Strange CUDA profiler results

Hello CUDA guys,
I have a simple question related to CUDA profiler (I use CUDA visual profiler in fact). I’m testing a simple SAXPY operation. I wanted to perform simple test of explicit 128-bit vs 32-bit memory read difference. I’m using two simple kernels:

  1. (coalesced 32-bit global memory reads)
    extern “C”
    global void SaxpyKern(float* target, float* vec1, float* vec2, float alpha) {
    int id = (blockIdx.x * blockDim.x) + threadIdx.x;
    float result;
    result = vec1[id] + alpha*vec2[id];
    target[id] = result;
    }

  2. (coalesced explicit 128-bit memory read)
    extern “C”
    global void SaxpyKern4(float4* target, float4* vec1, float4* vec2, float alpha) {
    int id = (blockIdx.x * blockDim.x) + threadIdx.x;
    float4 result;
    result.x = vec1[id].x + alphavec2[id].x;
    result.y = vec1[id].y + alpha
    vec2[id].y;
    result.z = vec1[id].z + alphavec2[id].z;
    result.w = vec1[id].w + alpha
    vec2[id].w;
    target[id] = result;
    }

In both cases, I was trying to perform Saxpy operation on vectors with 32 float elements, which means:
BLOCK_SIZE = 32 (warp size), GRID_SIZE=1 for SaxpyKern
BLOCK_SIZE = 8 (warp size), GRID_SIZE=1 for SaxpyKern4

CUDA visual profiler gives me strange numbers:
For SaxpyKern (32-bit):
gld_coherent = 4
gst_coherent = 8
For SaxpyKern4 (128-bit):
gld_coherent = 4
gst_coherent = 16

Those numbers seems strange to me:
32*2 = 64 float numbers should be read in case of Saxpy, even if they were coalesced for 128-bit read operations, there should be 64/4 = 16 global read operations, why CUDA profiler says only “4”? And fore global memory store, it says only “8”, which is not enough too. Measured numbers for SaxpyKern4 are also strange, why 4 read operations from global memory? I don’t understand that, could anyone help please?

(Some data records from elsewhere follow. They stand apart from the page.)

(* Let $N=q_1^{n_1}q_2^{n_2}\cdots q_r^{n_r}$ with primes $q_1<\dots<q_r$ and positive integers $n_i$, and let $\mathbf{s}$ be a Zadoff–Chu sequence of length $N$. Suppose that for some $1\le i\le r$ and integers $a,b$ the polynomial $\pi(x)=x^{q_i}+ax+b\in\mathbb{Z}_N[x]$ permutes $\mathbb{Z}_N$. Then the periodic auto-correlation $\theta(d)$ of the interleaved sequence $\mathbf{s}\circ\pi$ satisfies $\theta(d)=0$ for every $0<d<N$ with $q_i^{n_i}\nmid d$.
   Context: $\xi_N=e^{-2\pi\sqrt{-1}/N}$, $\xi_N^{x/2}=e^{-\pi\sqrt{-1}x/N}$. A Zadoff–Chu sequence of length $N$ is $s(k)=\xi_N^{u(k^2+(N\bmod2)k+2lk)/2}$, $0\le k<N$, with $\gcd(u,N)=1$ and $l$ an integer. $(\mathbf{s}\circ\pi)(k)=s(\pi(k)\bmod N)$. The periodic auto-correlation of a length-$N$ sequence $\mathbf{y}$ is $\theta(d)=\sum_{k=0}^{N-1}y(k)y^*(k+d)$, indices mod $N$. *)

From HB Require Import structures.
From mathcomp Require Import all_boot all_order all_algebra.
From mathcomp Require Import complex.
From mathcomp Require Import reals trigo.
Set Implicit Arguments. Unset Strict Implicit. Unset Printing Implicit Defensive.
Import Order.TTheory GRing.Theory Num.Theory.
Local Open Scope ring_scope.
Local Open Scope complex_scope.

(* xi_N^{1/2} = e^{-pi i / N} = cos(pi/N) - i sin(pi/N), so that
   xi_N^{x/2} = (halfxi N)^x for every integer x. *)
Definition halfxi (R : realType) (N : nat) : R[i] :=
  (cos (pi / N%:R)) -i* (sin (pi / N%:R)).

Definition zc_seq (R : realType) (N : nat) (u l : int) (k : nat) : R[i] :=
  halfxi R N ^ (u * ((k ^ 2)%:Z + (N %% 2)%:Z * k%:Z + 2 * l * k%:Z)).

Definition pi_map (N q : nat) (a b : int) (k : nat) : nat :=
  `|(((k ^ q)%:Z + a * k%:Z + b) %% N%:Z)%Z|%N.
Lemma variation_approx t :
  variation t - t ^+ 2 * (\sum_i \sum_j `|C i j * b i j| * (w i + w j))
  <= variation 0.
Proof.
rewrite mulr_sumr -sumrB; apply: ler_sum => i _.
rewrite mulr_sumr -sumrB; apply: ler_sum => j _; rewrite !damp0 mul1r.
have damp_bounds l : 0 < damp t l <= 1 /\ 1 - damp t l <= t ^+ 2 * w l.
  by apply: invr1D_bounds; rewrite mulr_ge0 ?sqr_ge0.
have [/andP[hi0 hi1] hi] := damp_bounds i.
have [/andP[hj0 hj1] hj] := damp_bounds j.
have p_bounds : 0 <= 1 - damp t i * damp t j <= t ^+ 2 * w i + t ^+ 2 * w j.
  by apply/andP; split; nra.
set a := C i j * b i j.
have [p_ge0 p_le] := andP p_bounds.
have := ler_wpM2l p_ge0 (ler_norm (- a)); rewrite normrN.
have := ler_wpM2r (normr_ge0 a) p_le.
nra.
Qed.

Lemma variation0_ge0 : 0 <= variation 0.
Proof.
pose K := \sum_i \sum_j `|C i j * b i j| * (w i + w j).
have K_ge0 : 0 <= K.
  by do 2!apply: sumr_ge0 => ? _; rewrite mulr_ge0 ?addr_ge0 ?sqr_ge0.
apply/ler_addgt0Pr => e e_gt0.
pose r := e / (K + 1).
have r_gt0 : 0 < r by rewrite divr_gt0 // ltr_wpDl.
have rK : r * K <= e.
  by rewrite mulrAC ler_pdivrMr ?ltr_wpDl //; nra.
have s_gt0 : 0 < Num.sqrt r by rewrite sqrtr_gt0.
have := variation_approx (Num.sqrt r); have := variation_ge0 s_gt0.
rewrite sqr_sqrtr -/K; [lra | exact: ltW].
Qed.
Definition alpha (r u n : nat) : nat := npart n (inO r u).
Definition beta (r u n : nat) : nat := npart n (inD r u).

From Pilot Require Import Defs.
From mathcomp Require Import all_boot.
Set Implicit Arguments. Unset Strict Implicit. Unset Printing Implicit Defensive.

(* Write a positive integer as b * r ^ j with r not dividing b.  Glaisher's
   bijection matches partitions with no part divisible by r and partitions in
   which every part occurs fewer than r times: the c copies of a part b become
   d_j copies of b * r ^ j, where the d_j are the base-r digits of c, and
   conversely a part b * r ^ j splits into r ^ j copies of b.  A partition in
   O_u(n;r,1) is a partition with no part divisible by r plus u copies of a
   part r * m (m > 0), and one in D_u(n;r,1) is a partition with all
   multiplicities below r plus r * m further copies of u (m is the quotient by
   r of the multiplicity of u).  Applying Glaisher's bijection to the first
   component and keeping m gives mutually inverse maps between the two sets. *)

Definition of_seq (n : nat) (s : seq nat) : Defs.bseq n :=
  Tagged (fun k : 'I_n.+1 => k.-tuple 'I_n.+1)
    [tuple (inord (nth 0 s i) : 'I_n.+1) | i < inord (size s)].

Lemma of_seqK n s : size s <= n -> all (fun x => x <= n) s -> to_seq (of_seq n s) = s.
Proof.
move=> size_s le_s; rewrite /to_seq /= -map_comp.
have size_k : (inord (size s) : 'I_n.+1) = size s :> nat by rewrite inordK.
rewrite -[RHS](mkseq_nth 0) /mkseq -[in RHS]size_k -val_enum_ord -map_comp.
apply: eq_map => i /=; rewrite inordK // ltnS; apply: (allP le_s); apply: mem_nth.
by rewrite -[X in _ < X]size_k.
Qed.

Lemma to_seq_inj n : injective (@to_seq n).
Proof.
move=> [k1 w1] [k2 w2]; rewrite /to_seq /= => eq_w.
have eq_k : k1 = k2.
  by apply: ord_inj; rewrite -(size_tuple w1) -(size_tuple w2) -!(size_map val) eq_w.
by subst k2; rewrite (val_inj (inj_map val_inj eq_w)).
Qed.

Lemma leq_sumn (s : seq nat) x : x \in s -> x <= sumn s.
Proof.
elim: s => //= y s IH; rewrite inE => /predU1P[->|/IH le_x]; first exact: leq_addr.
by rewrite (leq_trans le_x) ?leq_addl.
Qed.

Lemma partition_bounds n s : is_partition n s -> size s <= n /\ all (fun x => x <= n) s.
Proof.
case/and3P=> _ pos_s /eqP <-; split; last by apply/allP => x; apply: leq_sumn.
by elim: s pos_s => //= x s IH /andP[x_gt0 /IH]; rewrite -add1n; apply: leq_add.
Qed.

Lemma npart_le n (P Q : seq nat -> bool) (f g : seq nat -> seq nat) :
    (forall s, is_partition n s -> P s -> is_partition n (f s) && Q (f s)) ->
    (forall s, is_partition n s -> P s -> g (f s) = s) ->
  npart n P <= npart n Q.
Proof.
move=> fPQ fK; rewrite /npart.
set A := [pred t | _ && P _]; set B := [pred t | _ && Q _].
pose h (t : Defs.bseq n) := of_seq n (f (to_seq t)).
have to_seq_h t : t \in A -> to_seq (h t) = f (to_seq t).
  case/andP=> /fPQ/[apply]/andP[/partition_bounds[size_ft le_ft] _]; exact: of_seqK.
rewrite -(card_in_image (f := h)); last first.
  move=> t1 t2 A_t1 A_t2 eq_h; apply: to_seq_inj.
  case/andP: (A_t1) (A_t2) => [p1 P1] /andP[p2 P2].
  by rewrite -(fK _ p1 P1) -(fK _ p2 P2) -!to_seq_h // eq_h.
apply/subset_leq_card/subsetP => _ /imageP[t A_t ->].
by rewrite inE to_seq_h //; case/andP: A_t => /fPQ; apply.
Qed.
(* (1) Let $(A,\cdot,[-,-])$ be a Poisson algebra and $\mathcal{B}$ a nondegenerate symmetric bilinear form on $A$ that is invariant on $(A,\cdot)$ and a commutative 2-cocycle on $(A,[-,-])$. Define $\circ$ on $A$ by $\mathcal{B}(x\circ y,z)=\mathcal{B}(y,[x,z])$ for all $x,y,z$. Then $(A,\cdot,\circ)$ is a PCA algebra and $x\circ y-y\circ x=[x,y]$ for all $x,y$. (2) Conversely, let $(A,\cdot,\circ)$ be a PCA algebra and $[x,y]=x\circ y-y\circ x$. Then $A\ltimes_{-\mathcal{L}^*_{\cdot},-\mathcal{L}^*_{\circ}}A^*$ is a Poisson algebra, and the bilinear form $\mathcal{B}_d$ on $A\oplus A^*$ is invariant on its commutative associative product and a commutative 2-cocycle on its Lie bracket.
   Context: Finite-dimensional spaces, characteristic zero. $\mathcal{L}_{\ast}(x)y=x\ast y$. For $\rho:A\to\mathrm{End}(V)$, $\rho^*:A\to\mathrm{End}(V^* )$ is $\langle\rho^*(x)v^*,u\rangle=-\langle v^*,\rho(x)u\rangle$. For a Poisson algebra $(A,\cdot,[-,-])$ and linear maps $\mu,\rho:A\to\mathrm{End}(V)$, $A\ltimes_{\mu,\rho}V$ is $A\oplus V$ with $(x,u)\cdot(y,v)=(x\cdot y,\mu(x)v+\mu(y)u)$ and $[(x,u),(y,v)]=([x,y],\rho(x)v-\rho(y)u)$. $\mathcal{B}_d((x,a^* ),(y,b^* ))=\langle x,b^*\rangle+\langle a^*,y\rangle$. A bilinear form $\mathcal{B}$ is invariant on $(A,\cdot)$ if $\mathcal{B}(x\cdot y,z)=\mathcal{B}(x,y\cdot z)$; a commutative 2-cocycle on a Lie algebra if it is symmetric and $\mathcal{B}([x,y],z)+\mathcal{B}([y,z],x)+\mathcal{B}([z,x],y)=0$. Poisson algebra: $(A,\cdot)$ commutative associative, $(A,[-,-])$ Lie, $[z,x\cdot y]=[z,x]\cdot y+x\cdot[z,y]$. Anti-pre-Lie algebra: $(A,\circ)$ with $x\circ(y\circ z)-y\circ(x\circ z)=[y,x]\circ z$ and $[x,y]\circ z+[y,z]\circ x+[z,x]\circ y=0$, where $[x,y]=x\circ y-y\circ x$. A PCA algebra is $(A,\cdot,\circ)$ with $(A,\cdot)$ commutative associative, $(A,\circ)$ anti-pre-Lie, and for all $x,y,z$: $(x\cdot y)\circ z=x\cdot(y\circ z)+y\cdot(x\circ z)$; $(x\circ y-y\circ x)\cdot z=y\cdot(x\circ z)-x\circ(y\cdot z)$; $z\circ(x\cdot y)+z\cdot(x\circ y)+z\cdot(y\circ x)-2(x\cdot y)\circ z=0$. *)

(* Finite-dimensional spaces over a field K of characteristic
   zero are modelled as row vectors 'rV[K]_n; the dual space A^* is also
   'rV[K]_n, paired with A by the standard pairing <a, x> = \sum_i a_i x_i. *)
From HB Require Import structures.
From mathcomp Require Import all_boot all_order all_algebra.
Set Implicit Arguments. Unset Strict Implicit. Unset Printing Implicit Defensive.
Import Order.TTheory GRing.Theory Num.Theory.
Local Open Scope ring_scope.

And another question, I performed time measurements on much more lengthy vectors (4194304 elements), mentioned operations took:
745 microseconds - SaxpyKern (BLOCK_SIZE=256, GRID_SiZE = 16384)
1359 microseconds - SaxpyKern4 (BLOCK_SIZE=256, GRID_SiZE = 4096)

Why does 128-bit version SaxpyKern4 took twice as time as simple SaxpyKernel?

Any help is appreciated, thank you…

128-bit reads are slow. See my testing in this post
[url=“The Official NVIDIA Forums | NVIDIA”]http://forums.nvidia.com/index.php?showtop...41&#entry290441[/url]

The profiler doesn’t count the number of float reads, but the number of warp reads I think. Check the profiler documentation to verify. It might make more sense to track gld_coherent and gld_incoherent to check that there are no uncoalesced reads.

Thank for your informations, I will check mentioned post and see your testing. Is there any detailed profiler documentation you spoke about? The only info I have comes from documentation contained in CUDA toolkit. There is only one short txt file speaking about cuda profiler.